Justine CassellMobile networks and embedded processors increasingly allow computation to suffuse all of the spaces in which we work and play. These smart environments and intelligent rooms will put at our disposal a vastly expanded inventory of information, without requiring us to learn special command languages to access data. The designers of such "invisible computers" describe them as ways for people to interact with computation "as they interact with another person".
Media Lab, MIT
In this talk, however, I will agree with Harry Potter that one should "never trust anything that can think for itself, if you can't see where it keeps its brain". I'll argue that humans need to locate intelligence, and that this need poses problems for the invisible computer. Bodies are the best possible example of located intelligence, of course. When people talk to one another face-to-face to accomplish real-world tasks, they recruit and rely on a range of behaviors, complementing strings of words with appropriate intonation and movements of the eyes, face, hands and body, and they make extensive use of the real-world environment around them, in a joint effort to maintain a shared understanding of one another's contributions to the conversation and to the ongoing task.
In integrating these properties and insights about human conversation into the design of human - computer interfaces, I have developed a computational model called the FMBT model (pronounced fembot) with several key properties:
(a) the system-internal representation of the world and of information is modality-free, but can be conveyed via any one of several modalities (speech, intonation, posture, hand gesture, facial display) (b) the functions of the system are modality-free, but can be realized in any one of a number of different surface behaviors in a number of different modalities (c) the representations of conversation are not all symbolic, as cultural and social conventions cannot all be captured in logical form (d) co-occurrences of surface-level behaviors carry meaning, over that carried by each of the constituent behaviors (e) There are syntactic and semantic/pragmatic rules to describe the interrelationship between different modalities.

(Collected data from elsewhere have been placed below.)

Lemma derivable_upto_poly k a : is_poly a -> derivable_upto k a.
Proof.
  intros Ha. assert (E : (fun t => a t * 1) =+ a) by (intros t _; ring).
  rewrite <- E; apply derivable_upto_mul_poly; auto using derivable_upto_const.
Qed.

(** * The operators [D - 1], [L^c - d] and multiplication by powers of [x] *)

Definition Dm1 (f : R -> R) : R -> R := fun t => Dx f t - f t.

Fixpoint Dm1n (k : nat) (f : R -> R) : R -> R :=
  match k with O => f | S k' => Dm1 (Dm1n k' f) end.

Definition Lsub (c d : R) (f : R -> R) : R -> R := fun t => L2 c f t - d * f t.

Definition xpow (k : nat) (f : R -> R) : R -> R := fun t => t ^ k * f t.

Definition xmul (f : R -> R) : R -> R := fun t => t * f t.

Definition Lprod (k : nat) (c : R) : op := compop (fun j => Lsub c (INR j)) 1 k.

Lemma Dm1n_S_inner k f : Dm1n (S k) f = Dm1n k (Dm1 f).
Proof. induction k; simpl; auto. simpl in IHk. now rewrite IHk. Qed.

#[local] Instance Dm1_eqpos : Proper (eqpos ==> eqpos) Dm1.
Proof. intros f g E x Hx; unfold Dm1; now rewrite (Dx_eqpos f g E x Hx), (E x Hx). Qed.

#[local] Instance Dm1n_eqpos k : Proper (eqpos ==> eqpos) (Dm1n k).
Proof. induction k; intros f g E; simpl; auto. now rewrite E. Qed.

#[local] Instance L2_eqpos c : Proper (eqpos ==> eqpos) (L2 c).
Proof.
  intros f g E x Hx; unfold L2.
  now rewrite (Dn_eqpos 2 f g E x Hx), (Dx_eqpos f g E x Hx).
Qed.

#[local] Instance Lsub_eqpos c d : Proper (eqpos ==> eqpos) (Lsub c d).
Proof. intros f g E x Hx; unfold Lsub; now rewrite (L2_eqpos c f g E x Hx), (E x Hx). Qed.

#[local] Instance xpow_eqpos k : Proper (eqpos ==> eqpos) (xpow k).
Proof. intros f g E x Hx; unfold xpow; now rewrite (E x Hx). Qed.

#[local] Instance xmul_eqpos : Proper (eqpos ==> eqpos) xmul.
Proof. intros f g E x Hx; unfold xmul; now rewrite (E x Hx). Qed.

#[local] Instance Lprod_eqpos k c : Proper (eqpos ==> eqpos) (Lprod k c).
Proof. induction k; intros f g E; simpl; auto. apply Lsub_eqpos, IHk, E. Qed.

#[local] Instance Afac_eqpos j : Proper (eqpos ==> eqpos) (Afac j).
Proof. intros f g E x Hx; unfold Afac; now rewrite (L2_eqpos _ f g E x Hx), (E x Hx). Qed.

Lemma derivable_upto_Dm1 k f : derivable_upto (S k) f -> derivable_upto k (Dm1 f).
Proof.
  intros H. assert (E : Dm1 f =+ (fun t => Dx f t + -1 * f t)) by (intros x _; unfold Dm1; ring).
  rewrite E; apply derivable_upto_add.
  - now apply derivable_upto_S in H.
  - apply (derivable_upto_mul_poly k (fun _ => -1)); [constructor | upto_le H].
Qed.

Lemma derivable_upto_Dm1n b k f : derivable_upto (b + k) f -> derivable_upto k (Dm1n b f).
Proof.
  revert f; induction b as [|b IH]; intros f H; [exact H |].
  rewrite Dm1n_S_inner; apply IH, derivable_upto_Dm1, H.
Qed.

Lemma derivable_upto_xpow n k f : derivable_upto k f -> derivable_upto k (xpow n f).
Proof. intros H; apply derivable_upto_mul_poly; auto using is_poly_pow. Qed.

Lemma derivable_upto_xmul k f : derivable_upto k f -> derivable_upto k (xmul f).
Proof. intros H; apply derivable_upto_mul_poly; auto using is_poly_id. Qed.

Lemma derivable_upto_Lsub k c d f :
  derivable_upto (S (S k)) f -> derivable_upto k (Lsub c d f).
Proof.
  intros H.
  assert (E : Lsub c d f =+
              (fun t => t * Dx (Dx f) t + ((c + 1 + -1 * t) * Dx f t + - d * f t)))
    by (intros x _; unfold Lsub, L2; simpl; ring).
  assert (H0 : derivable_upto k f) by (upto_le H).
  apply derivable_upto_S in H as [_ H1].
  assert (H1' : derivable_upto k (Dx f)) by (upto_le H1).
  apply derivable_upto_S in H1 as [_ H2].
  rewrite E; repeat apply derivable_upto_add; apply derivable_upto_mul_poly;
    repeat constructor; auto.
Qed.

Lemma derivable_upto_Lprod k c j f :
  derivable_upto (2 * k + j) f -> derivable_upto j (Lprod k c f).
Proof.
  revert j; induction k as [|k IH]; intros j H; [exact H |].
  apply derivable_upto_Lsub, IH. upto_le H.
Qed.

Ltac derivable_by H :=
  match goal with
  | |- exists l, derivable_pt_lim _ ?x l =>
      first [ exact (H 0%nat ltac:(lia) x ltac:(assumption))
            | exact (H 1%nat ltac:(lia) x ltac:(assumption))
            | exact (H 2%nat ltac:(lia) x ltac:(assumption)) ]
  end.

Ltac Dx_by H := apply Dx_of_lim; eapply derivable_pt_lim_eq; [derive; derivable_by H | cbv beta].

Lemma Dx_Dm1 f : derivable_upto 2 f -> Dx (Dm1 f) =+ (fun t => Dx (Dx f) t - Dx f t).
Proof. intros H x Hx; unfold Dm1; Dx_by H; reflexivity. Qed.

Lemma Dm1_Dx_comm f : derivable_upto 2 f -> Dm1 (Dx f) =+ Dx (Dm1 f).
Proof. intros H x Hx; rewrite (Dx_Dm1 f H x Hx); reflexivity. Qed.

Lemma Dx_Lsub c d f : derivable_upto 3 f -> Dx (Lsub c d f) =+ Lsub (c + 1) (d + 1) (Dx f).
Proof. intros H x Hx; unfold Lsub, L2; cbn [Dn]; Dx_by H; ring. Qed.

Lemma Dm1_Lsub c d f : derivable_upto 3 f -> Dm1 (Lsub c d f) =+ Lsub (c + 1) d (Dm1 f).
Proof.
  intros H x Hx.
  assert (H2 : derivable_upto 2 f) by (upto_le H).
  assert (E : Dx (Dx (Dm1 f)) x = Dx (Dx (Dx f)) x - Dx (Dx f) x).
  { rewrite (Dx_eqpos _ _ (Dx_Dm1 f H2) x Hx); Dx_by H; reflexivity. }
  unfold Dm1 at 1; rewrite (Dx_Lsub c d f H x Hx).
  unfold Lsub, L2; cbn [Dn]; rewrite E, (Dx_Dm1 f H2 x Hx); unfold Dm1; ring.
Qed.

Lemma L2_scal c K f : derivable_upto 2 f -> L2 c (fun t => K * f t) =+ (fun t => K * L2 c f t).
Proof.
  intros H x Hx; unfold L2; cbn [Dn].
  assert (E : Dx (fun t => K * f t) =+ (fun t => K * Dx f t))
    by (intros z Hz; Dx_by H; ring).
  rewrite (Dx_eqpos _ _ E x Hx), (E x Hx).
  assert (E2 : Dx (fun t => K * Dx f t) x = K * Dx (Dx f) x) by (Dx_by H; ring).
  rewrite E2; ring.
Qed.

Lemma L2_m1 f : derivable_upto 2 f -> L2 (-1) f =+ xmul (Dx (Dm1 f)).
Proof. intros H x Hx; unfold xmul; rewrite (Dx_Dm1 f H x Hx); unfold L2; cbn [Dn]; ring. Qed.

Lemma Dx_xmul f : derivable_pos f -> Dx (xmul f) =+ (fun t => f t + t * Dx f t).
Proof.
  intros H x Hx; unfold xmul; apply Dx_of_lim.
  eapply derivable_pt_lim_eq; [derive; now apply H | cbv beta; ring].
Qed.

Lemma Lsub_1_1 f : derivable_upto 2 f -> Lsub 1 1 f =+ Dx (Dm1 (xmul f)).
Proof.
  intros H x Hx.
  assert (E : Dm1 (xmul f) =+ (fun t => f t + t * Dx f t - t * f t)).
  { intros z Hz; unfold Dm1.
    rewrite (Dx_xmul f (derivable_upto_pos 1 _ H) z Hz); unfold xmul; ring. }
  rewrite (Dx_eqpos _ _ E x Hx); symmetry; Dx_by H; unfold Lsub, L2; cbn [Dn]; ring.
Qed.

Lemma Lsub_xmul c d f : derivable_upto 2 f ->
  Lsub c d (xmul f) =+ (fun t => t * Lsub (c + 2) (d + 1) f t + (c + 1) * f t).
Proof.
  intros H x Hx; unfold Lsub, L2; cbn [Dn].
  pose proof (Dx_xmul f (derivable_upto_pos 1 _ H)) as E.
  rewrite (Dx_eqpos _ _ E x Hx), (E x Hx).
  assert (E2 : Dx (fun t => f t + t * Dx f t) x = Dx f x + (Dx f x + x * Dx (Dx f) x))
    by (Dx_by H; ring).
  rewrite E2; unfold xmul; ring.
Qed.

Lemma Afac_xmul j f : derivable_upto 2 f ->
  Afac j (xmul f) =+ xmul (Lsub (2 * INR j + 1) (INR j + 1) f).
Proof.
  intros H x Hx. pose proof (Lsub_xmul (2 * INR j - 1) (INR j) f H x Hx) as E.
  unfold Lsub at 1, xmul in E; unfold Afac, xmul.
  replace (2 * INR j - 1 + 2) with (2 * INR j + 1) in E by ring.
  replace (2 * INR j / x * (x * f x)) with (2 * INR j * f x) by (field; lra).
  lra.
Qed.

I will demonstrate the FMBT model with a series of interactive systems my students and I have implemented, including embodied conversational agents, online avatars, story listening systems for children, and some new work on embodied behaviors to evoke user trust, and on "shared reality" -- a paradigm in which human and computer share a real physical space within which to make hand gestures, facial displays and body movements, and share real physical objects that can be passed back and forth between the real and virtual world.
But, at a more fundamental level, I will claim that neither embodied systems nor invisible computers will ever succeed unless we understand the "affordances" of the body -- that is, how the body works in face-to-face dialogue, in situating intelligence.